Begin at the top of the following data. Copy each line exactly until you have copied the line containing "set (l := d".

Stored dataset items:
____

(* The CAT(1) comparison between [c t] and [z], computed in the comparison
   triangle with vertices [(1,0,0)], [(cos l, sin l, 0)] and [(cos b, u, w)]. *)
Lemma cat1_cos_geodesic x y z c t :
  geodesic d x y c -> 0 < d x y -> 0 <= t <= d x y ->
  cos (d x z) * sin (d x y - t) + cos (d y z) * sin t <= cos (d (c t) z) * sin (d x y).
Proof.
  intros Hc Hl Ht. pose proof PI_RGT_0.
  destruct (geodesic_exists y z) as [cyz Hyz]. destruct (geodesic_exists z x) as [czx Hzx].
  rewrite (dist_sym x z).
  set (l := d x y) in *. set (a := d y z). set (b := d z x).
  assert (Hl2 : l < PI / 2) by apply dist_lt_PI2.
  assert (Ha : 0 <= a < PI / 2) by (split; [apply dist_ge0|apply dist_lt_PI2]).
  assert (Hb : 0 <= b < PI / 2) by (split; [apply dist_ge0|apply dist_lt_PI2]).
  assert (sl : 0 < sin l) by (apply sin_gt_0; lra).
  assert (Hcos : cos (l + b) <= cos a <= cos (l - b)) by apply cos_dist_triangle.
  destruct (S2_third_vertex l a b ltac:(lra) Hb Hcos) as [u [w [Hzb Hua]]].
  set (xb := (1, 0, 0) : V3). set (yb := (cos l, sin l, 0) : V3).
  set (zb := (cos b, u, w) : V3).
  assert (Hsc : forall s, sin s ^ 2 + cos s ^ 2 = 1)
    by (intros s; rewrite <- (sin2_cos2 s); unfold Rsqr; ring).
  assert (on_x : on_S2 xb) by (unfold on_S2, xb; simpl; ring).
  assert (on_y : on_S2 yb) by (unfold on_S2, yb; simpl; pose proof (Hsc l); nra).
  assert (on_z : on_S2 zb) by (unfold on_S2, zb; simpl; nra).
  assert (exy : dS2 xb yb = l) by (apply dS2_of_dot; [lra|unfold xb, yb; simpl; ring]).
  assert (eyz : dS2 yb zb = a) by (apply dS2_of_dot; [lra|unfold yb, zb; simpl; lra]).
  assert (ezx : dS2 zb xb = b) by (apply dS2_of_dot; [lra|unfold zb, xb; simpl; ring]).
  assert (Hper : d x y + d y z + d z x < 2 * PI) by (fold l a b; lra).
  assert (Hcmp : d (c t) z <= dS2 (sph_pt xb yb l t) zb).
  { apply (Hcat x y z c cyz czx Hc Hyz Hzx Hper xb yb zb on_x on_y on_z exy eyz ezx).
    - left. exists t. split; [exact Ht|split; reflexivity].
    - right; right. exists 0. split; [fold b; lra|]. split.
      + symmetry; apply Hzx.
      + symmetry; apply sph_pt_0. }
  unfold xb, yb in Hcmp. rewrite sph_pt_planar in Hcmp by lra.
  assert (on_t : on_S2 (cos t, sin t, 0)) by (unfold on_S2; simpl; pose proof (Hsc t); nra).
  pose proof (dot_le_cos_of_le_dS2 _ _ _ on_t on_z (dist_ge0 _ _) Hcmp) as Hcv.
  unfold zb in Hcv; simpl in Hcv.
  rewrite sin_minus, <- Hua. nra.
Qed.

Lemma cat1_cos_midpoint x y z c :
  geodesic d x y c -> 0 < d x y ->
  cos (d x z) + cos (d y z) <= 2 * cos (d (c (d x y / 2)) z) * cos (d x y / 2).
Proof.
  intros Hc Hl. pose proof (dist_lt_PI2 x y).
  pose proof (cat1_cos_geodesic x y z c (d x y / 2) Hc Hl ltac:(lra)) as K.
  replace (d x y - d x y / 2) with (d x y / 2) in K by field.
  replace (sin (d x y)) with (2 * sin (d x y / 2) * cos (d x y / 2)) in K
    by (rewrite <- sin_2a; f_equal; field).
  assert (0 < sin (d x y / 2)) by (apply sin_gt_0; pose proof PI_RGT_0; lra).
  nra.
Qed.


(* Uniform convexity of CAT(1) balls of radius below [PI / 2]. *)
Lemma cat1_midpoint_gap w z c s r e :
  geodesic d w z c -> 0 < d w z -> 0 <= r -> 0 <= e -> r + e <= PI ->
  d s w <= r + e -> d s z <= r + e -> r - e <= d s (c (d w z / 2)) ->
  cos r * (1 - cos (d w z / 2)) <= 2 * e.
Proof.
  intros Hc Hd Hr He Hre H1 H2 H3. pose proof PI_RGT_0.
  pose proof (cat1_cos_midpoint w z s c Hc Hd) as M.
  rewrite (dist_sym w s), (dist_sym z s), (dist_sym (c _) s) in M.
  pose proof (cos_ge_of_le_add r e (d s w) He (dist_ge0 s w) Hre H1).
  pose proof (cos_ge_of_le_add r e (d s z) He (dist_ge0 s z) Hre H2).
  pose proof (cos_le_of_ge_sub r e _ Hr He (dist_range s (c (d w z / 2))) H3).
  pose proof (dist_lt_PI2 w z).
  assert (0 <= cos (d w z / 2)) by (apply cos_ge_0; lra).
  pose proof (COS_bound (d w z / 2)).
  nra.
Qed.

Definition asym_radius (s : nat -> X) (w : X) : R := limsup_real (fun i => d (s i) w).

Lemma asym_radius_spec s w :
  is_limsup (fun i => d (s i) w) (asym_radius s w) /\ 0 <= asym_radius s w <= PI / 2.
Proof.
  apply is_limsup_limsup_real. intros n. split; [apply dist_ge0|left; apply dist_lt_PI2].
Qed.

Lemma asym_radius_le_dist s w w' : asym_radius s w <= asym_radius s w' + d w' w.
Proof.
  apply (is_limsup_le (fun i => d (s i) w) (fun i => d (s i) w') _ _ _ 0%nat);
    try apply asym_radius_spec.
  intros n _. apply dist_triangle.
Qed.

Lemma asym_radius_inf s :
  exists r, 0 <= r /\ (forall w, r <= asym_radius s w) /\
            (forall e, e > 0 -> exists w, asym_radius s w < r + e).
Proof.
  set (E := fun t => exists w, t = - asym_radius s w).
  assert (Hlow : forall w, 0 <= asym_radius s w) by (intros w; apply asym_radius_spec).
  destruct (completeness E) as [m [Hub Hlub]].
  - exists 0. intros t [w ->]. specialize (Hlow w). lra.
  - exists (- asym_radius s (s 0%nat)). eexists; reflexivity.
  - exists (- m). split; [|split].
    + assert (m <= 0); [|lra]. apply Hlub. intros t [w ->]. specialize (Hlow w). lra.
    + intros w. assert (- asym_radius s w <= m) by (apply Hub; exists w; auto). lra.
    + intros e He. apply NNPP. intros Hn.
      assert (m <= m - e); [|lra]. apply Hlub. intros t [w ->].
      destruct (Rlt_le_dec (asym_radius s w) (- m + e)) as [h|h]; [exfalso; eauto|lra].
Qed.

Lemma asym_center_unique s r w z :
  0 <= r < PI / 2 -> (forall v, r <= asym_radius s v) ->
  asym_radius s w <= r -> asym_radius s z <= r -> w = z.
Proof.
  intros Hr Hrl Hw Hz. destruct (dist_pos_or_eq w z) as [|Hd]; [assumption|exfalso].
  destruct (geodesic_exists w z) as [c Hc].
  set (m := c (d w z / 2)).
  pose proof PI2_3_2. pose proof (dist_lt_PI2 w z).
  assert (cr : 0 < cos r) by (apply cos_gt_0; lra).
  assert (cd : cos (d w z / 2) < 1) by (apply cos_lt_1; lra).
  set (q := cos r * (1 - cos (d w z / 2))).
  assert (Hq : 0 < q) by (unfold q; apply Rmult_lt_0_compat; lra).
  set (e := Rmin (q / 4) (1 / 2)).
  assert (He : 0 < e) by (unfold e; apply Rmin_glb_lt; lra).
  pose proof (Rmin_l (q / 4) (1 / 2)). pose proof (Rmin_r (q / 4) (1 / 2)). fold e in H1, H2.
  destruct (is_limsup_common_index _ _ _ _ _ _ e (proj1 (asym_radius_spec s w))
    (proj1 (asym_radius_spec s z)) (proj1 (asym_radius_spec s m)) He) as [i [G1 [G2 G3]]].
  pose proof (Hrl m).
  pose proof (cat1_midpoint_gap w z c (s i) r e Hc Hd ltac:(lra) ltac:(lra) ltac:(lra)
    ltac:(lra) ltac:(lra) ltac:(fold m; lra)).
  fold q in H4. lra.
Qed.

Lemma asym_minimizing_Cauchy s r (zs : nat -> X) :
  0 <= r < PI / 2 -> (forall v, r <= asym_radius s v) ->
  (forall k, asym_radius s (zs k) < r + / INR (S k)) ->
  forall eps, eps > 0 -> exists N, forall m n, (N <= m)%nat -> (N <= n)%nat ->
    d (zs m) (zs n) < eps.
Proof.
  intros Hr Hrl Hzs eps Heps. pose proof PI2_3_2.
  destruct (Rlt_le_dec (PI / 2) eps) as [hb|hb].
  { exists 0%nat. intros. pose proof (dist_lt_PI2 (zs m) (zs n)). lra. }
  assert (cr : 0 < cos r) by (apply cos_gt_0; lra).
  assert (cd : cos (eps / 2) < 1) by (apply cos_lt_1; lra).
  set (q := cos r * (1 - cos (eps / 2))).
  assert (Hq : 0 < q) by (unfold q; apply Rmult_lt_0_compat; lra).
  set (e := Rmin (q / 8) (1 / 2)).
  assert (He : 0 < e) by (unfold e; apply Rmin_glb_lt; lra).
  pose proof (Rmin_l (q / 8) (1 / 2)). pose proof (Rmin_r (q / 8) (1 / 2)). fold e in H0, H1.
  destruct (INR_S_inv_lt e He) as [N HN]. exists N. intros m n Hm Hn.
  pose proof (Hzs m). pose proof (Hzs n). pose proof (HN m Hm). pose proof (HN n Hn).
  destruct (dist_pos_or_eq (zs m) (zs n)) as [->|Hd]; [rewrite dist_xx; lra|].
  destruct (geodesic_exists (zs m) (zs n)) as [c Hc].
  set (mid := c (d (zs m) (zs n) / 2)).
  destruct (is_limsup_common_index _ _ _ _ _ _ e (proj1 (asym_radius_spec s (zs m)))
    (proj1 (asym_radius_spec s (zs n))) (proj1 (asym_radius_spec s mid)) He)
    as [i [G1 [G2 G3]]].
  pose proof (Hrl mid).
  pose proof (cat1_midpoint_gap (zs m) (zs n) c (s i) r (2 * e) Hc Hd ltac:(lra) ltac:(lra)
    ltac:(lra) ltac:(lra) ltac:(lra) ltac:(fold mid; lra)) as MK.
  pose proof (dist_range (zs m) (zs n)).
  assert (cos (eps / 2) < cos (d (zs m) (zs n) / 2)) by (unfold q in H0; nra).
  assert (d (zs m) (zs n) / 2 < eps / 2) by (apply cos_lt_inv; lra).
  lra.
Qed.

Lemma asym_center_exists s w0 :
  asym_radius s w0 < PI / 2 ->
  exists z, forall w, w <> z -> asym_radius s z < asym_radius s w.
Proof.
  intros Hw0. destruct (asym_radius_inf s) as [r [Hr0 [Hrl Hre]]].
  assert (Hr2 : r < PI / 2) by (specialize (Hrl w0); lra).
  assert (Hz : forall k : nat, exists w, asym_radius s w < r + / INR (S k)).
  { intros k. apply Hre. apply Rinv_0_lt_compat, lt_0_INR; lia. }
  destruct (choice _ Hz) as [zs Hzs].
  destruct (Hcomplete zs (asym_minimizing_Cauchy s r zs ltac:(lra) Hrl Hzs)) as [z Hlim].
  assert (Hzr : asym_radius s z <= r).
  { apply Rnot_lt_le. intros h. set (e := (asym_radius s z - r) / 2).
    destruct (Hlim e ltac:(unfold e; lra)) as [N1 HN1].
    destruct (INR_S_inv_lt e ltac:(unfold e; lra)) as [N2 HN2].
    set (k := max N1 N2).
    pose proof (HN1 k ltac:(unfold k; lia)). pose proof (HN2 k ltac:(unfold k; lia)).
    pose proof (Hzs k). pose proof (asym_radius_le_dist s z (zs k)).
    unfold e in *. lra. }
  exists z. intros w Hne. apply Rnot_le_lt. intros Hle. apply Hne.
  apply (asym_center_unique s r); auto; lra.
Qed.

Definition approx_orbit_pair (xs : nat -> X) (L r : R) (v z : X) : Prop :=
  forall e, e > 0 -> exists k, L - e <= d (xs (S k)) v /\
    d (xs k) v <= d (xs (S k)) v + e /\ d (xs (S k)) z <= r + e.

____

TASK OUTPUT:
(* The CAT(1) comparison between [c t] and [z], computed in the comparison
   triangle with vertices [(1,0,0)], [(cos l, sin l, 0)] and [(cos b, u, w)]. *)
Lemma cat1_cos_geodesic x y z c t :
  geodesic d x y c -> 0 < d x y -> 0 <= t <= d x y ->
  cos (d x z) * sin (d x y - t) + cos (d y z) * sin t <= cos (d (c t) z) * sin (d x y).
Proof.
  intros Hc Hl Ht. pose proof PI_RGT_0.
  destruct (geodesic_exists y z) as [cyz Hyz]. destruct (geodesic_exists z x) as [czx Hzx].
  rewrite (dist_sym x z).
  set (l := d x y) in *. set (a := d y z). set (b := d z x).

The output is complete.